Practice on Your Own!

P.1

Move the date_formatted variable to be before date using the relocate function. Take a look at the data using glimpse(). Note the difference between date and date_formatted columns.

# General format
NEWDATA <- OLD_DATA %>% relocate(COLUMN1, .before = COLUMN2)
circ <- circ %>% relocate(date_formatted, .before = date)

# alternative
# circ <- circ %>% select(day, date_formatted, everything()) %>% head() 

glimpse(circ)
## Rows: 1,146
## Columns: 16
## $ day              <chr> "Monday", "Tuesday", "Wednesday", "Thursday", "Friday…
## $ date_formatted   <date> 2010-01-11, 2010-01-12, 2010-01-13, 2010-01-14, 2010…
## $ date             <chr> "01/11/2010", "01/12/2010", "01/13/2010", "01/14/2010…
## $ orangeBoardings  <dbl> 877, 777, 1203, 1194, 1645, 1457, 839, 999, 1023, 137…
## $ orangeAlightings <dbl> 1027, 815, 1220, 1233, 1643, 1524, 938, 1000, 1047, 1…
## $ orangeAverage    <dbl> 952.0, 796.0, 1211.5, 1213.5, 1644.0, 1490.5, 888.5, …
## $ purpleBoardings  <dbl> NA, NA, NA, NA, NA, NA, NA, NA, NA, NA, NA, NA, NA, N…
## $ purpleAlightings <dbl> NA, NA, NA, NA, NA, NA, NA, NA, NA, NA, NA, NA, NA, N…
## $ purpleAverage    <dbl> NA, NA, NA, NA, NA, NA, NA, NA, NA, NA, NA, NA, NA, N…
## $ greenBoardings   <dbl> NA, NA, NA, NA, NA, NA, NA, NA, NA, NA, NA, NA, NA, N…
## $ greenAlightings  <dbl> NA, NA, NA, NA, NA, NA, NA, NA, NA, NA, NA, NA, NA, N…
## $ greenAverage     <dbl> NA, NA, NA, NA, NA, NA, NA, NA, NA, NA, NA, NA, NA, N…
## $ bannerBoardings  <dbl> NA, NA, NA, NA, NA, NA, NA, NA, NA, NA, NA, NA, NA, N…
## $ bannerAlightings <dbl> NA, NA, NA, NA, NA, NA, NA, NA, NA, NA, NA, NA, NA, N…
## $ bannerAverage    <dbl> NA, NA, NA, NA, NA, NA, NA, NA, NA, NA, NA, NA, NA, N…
## $ daily            <dbl> 952.0, 796.0, 1211.5, 1213.5, 1644.0, 1490.5, 888.5, …

P.2

Use range() function on date_formatted variable to display the range of dates in the data set.

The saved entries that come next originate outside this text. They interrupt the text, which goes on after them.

Let hS : G 0%N S. Proof. exact: (gradeM hG hs ht). Qed.
Let hu : G 0%N u. Proof. exact: (gradeM hG (grade0X hG _ hs) ha). Qed.
Let hv : v = 1 - u. Proof. by rewrite -hab addrC addKr. Qed.

(* eta(l) = S^-k spec_l(B), the specialisation of eta at l. *)
Local Notation Bl l := (map_mx (spec hG l) B).
Local Notation Cl l := (map_mx (spec hG l) C).

Lemma spec_mx_diff (X : 'M[R]_n) (l l' : R) :
  map_mx (spec hG l') X = map_mx (spec hG l) X + (l' - l) *: map_mx (diffq hG l l') X.
Proof. by apply/matrixP => i j; rewrite !mxE -diffqP addrC subrK. Qed.

Lemma spec_scalar_mx l e :
  map_mx (spec hG l) (S ^+ e *: 1%:M : 'M[R]_n) = S ^+ e *: 1%:M.
Proof. by rewrite map_mxZ map_mx1 spec_grade0 //; apply: (grade0X hG _ hS). Qed.

Lemma specBC l : Bl l *m Cl l = S ^+ K *: 1%:M.
Proof. by rewrite -map_mxM hBC spec_scalar_mx. Qed.

Lemma specCB l : Cl l *m Bl l = S ^+ K *: 1%:M.
Proof. by rewrite -map_mxM hCB spec_scalar_mx. Qed.

(* At l = 0 eta specialises to the identity, since B = S^k Id mod R_+. *)
Lemma specB0 : Bl 0 = S ^+ k *: 1%:M.
Proof.
apply/matrixP => i j; rewrite !mxE.
have hdelta : G 0%N ((i == j)%:R * S ^+ k).
  exact: (gradeM hG (grade0_nat hG _) (grade0X hG _ hS)).
rewrite -(subrK ((i == j)%:R * S ^+ k) (B i j)) rmorphD spec0_Rplus // add0r.
by rewrite spec_grade0 // mulrC.
Qed.

Lemma specC0 : S ^+ k *: Cl 0 = S ^+ K *: 1%:M.
Proof. by rewrite -(specCB 0) specB0 -scalemxAr mulmx1. Qed.

Local Notation Xu := (map_mx (diffq hG 0 u) B).
Local Notation Xc := (map_mx (diffq hG 0 u) C).
Local Notation Xv := (map_mx (diffq hG u 1) B).

(* The two factors and their inverses, as perturbed identities:
     eta2    = eta(u)          = I + s^M W2 / t^k       over R_t,
     eta2inv = eta(u)^-1       = I + s^M W2inv / t^K    over R_t,
     eta1    = eta eta(u)^-1   = I + t^M W1 / s^K       over R_s,
     eta1inv = eta(u) eta^-1   = I + t^M W1inv / s^K    over R_s. *)
Definition W2 : 'M[R]_n := (s ^+ K * a) *: Xu.
Definition W2inv : 'M[R]_n := (s ^+ (k + k) * t ^+ k * a) *: Xc.
Definition W1 : 'M[R]_n := (t ^+ k * b) *: (Xv *m Cl u).
Definition W1inv : 'M[R]_n := (- (t ^+ k * b)) *: (Xv *m C).

Definition eta2 : lmx R n := perturbed_id s t k M W2.
Definition eta2inv : lmx R n := perturbed_id s t K M W2inv.
Definition eta1 : lmx R n := perturbed_id t s K M W1.
Definition eta1inv : lmx R n := perturbed_id t s K M W1inv.

Lemma eta2_loc : s ^+ k *: eta2.1 = Bl u.
Proof.
rewrite /eta2 /W2 /perturbed_id /=.
rewrite (spec_mx_diff B 0 u) specB0 subr0.
by apply/matrixP => i j; rewrite !mxE !exprD !exprMn; ring.
Qed.

Lemma eta2inv_loc : s ^+ K *: eta2inv.1 = S ^+ k *: Cl u.
Proof.
rewrite /eta2inv /W2inv /perturbed_id /=.
rewrite (spec_mx_diff C 0 u) [in RHS]scalerDr specC0 subr0.
by apply/matrixP => i j; rewrite !mxE !exprD !exprMn; ring.
Qed.

Lemma spec1_mx (X : 'M[R]_n) : map_mx (spec hG 1) X = X.
Proof. by apply/matrixP => i j; rewrite mxE spec1. Qed.

Lemma B_expand : B = Bl u + v *: Xv.
Proof. by rewrite hv -{1}(spec1_mx B) (spec_mx_diff B u 1). Qed.

Lemma eta1_loc : t ^+ K *: eta1.1 = B *m Cl u.
Proof.
rewrite /eta1 /W1 /perturbed_id /=.
rewrite [in RHS]B_expand mulmxDl specBC -scalemxAl.
move: (Xv *m Cl u) => X.
by apply/matrixP => i j; rewrite !mxE !exprD !exprMn; ring.
Qed.

Lemma eta1inv_loc : t ^+ K *: eta1inv.1 = Bl u *m C.
Proof.
rewrite /eta1inv /W1inv /perturbed_id /=.
rewrite (_ : Bl u = B - v *: Xv); last by rewrite {2}B_expand addrK.
rewrite mulmxBl hBC -scalemxAl.
move: (Xv *m C) => X.
by apply/matrixP => i j; rewrite !mxE !exprD !exprMn; ring.
Qed.

Lemma eta_factor : lmx_eq S (B, k) (lmx_mul (lmx_loc t eta1) (lmx_loc s eta2)).
Proof.
exists 0%N; rewrite /lmx_loc /lmx_mul /= eta1_loc eta2_loc -mulmxA specCB.
by rewrite -scalemxAr mulmx1 scalerA -exprD addnC subrr scaler0.
Qed.

Lemma eta2_GL : lmx_GL t eta2.
Proof.
apply: (perturbed_id_GL (b := K) (V := W2inv) hq2 hq2M); rewrite -/eta2 -/eta2inv.
- rewrite exprD -scale_mulmx eta2_loc eta2inv_loc -scalemxAr specBC scalerA.
  by rewrite -exprD [t * s]mulrC.
- rewrite exprD -scale_mulmx eta2_loc eta2inv_loc -scalemxAl specCB scalerA.
  by rewrite -exprD [t * s]mulrC addnC.
Qed.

How does this compare to that of date? Why? (Hint: use the pull function first to pull the values.)

pull(circ, date_formatted) %>% range()
## [1] "2010-01-11" "2013-03-01"
pull(circ, date) %>% range()
## [1] "01/01/2011" "12/31/2012"
# The max of `pull(circ, date) %>% range()` is numerical not based on date.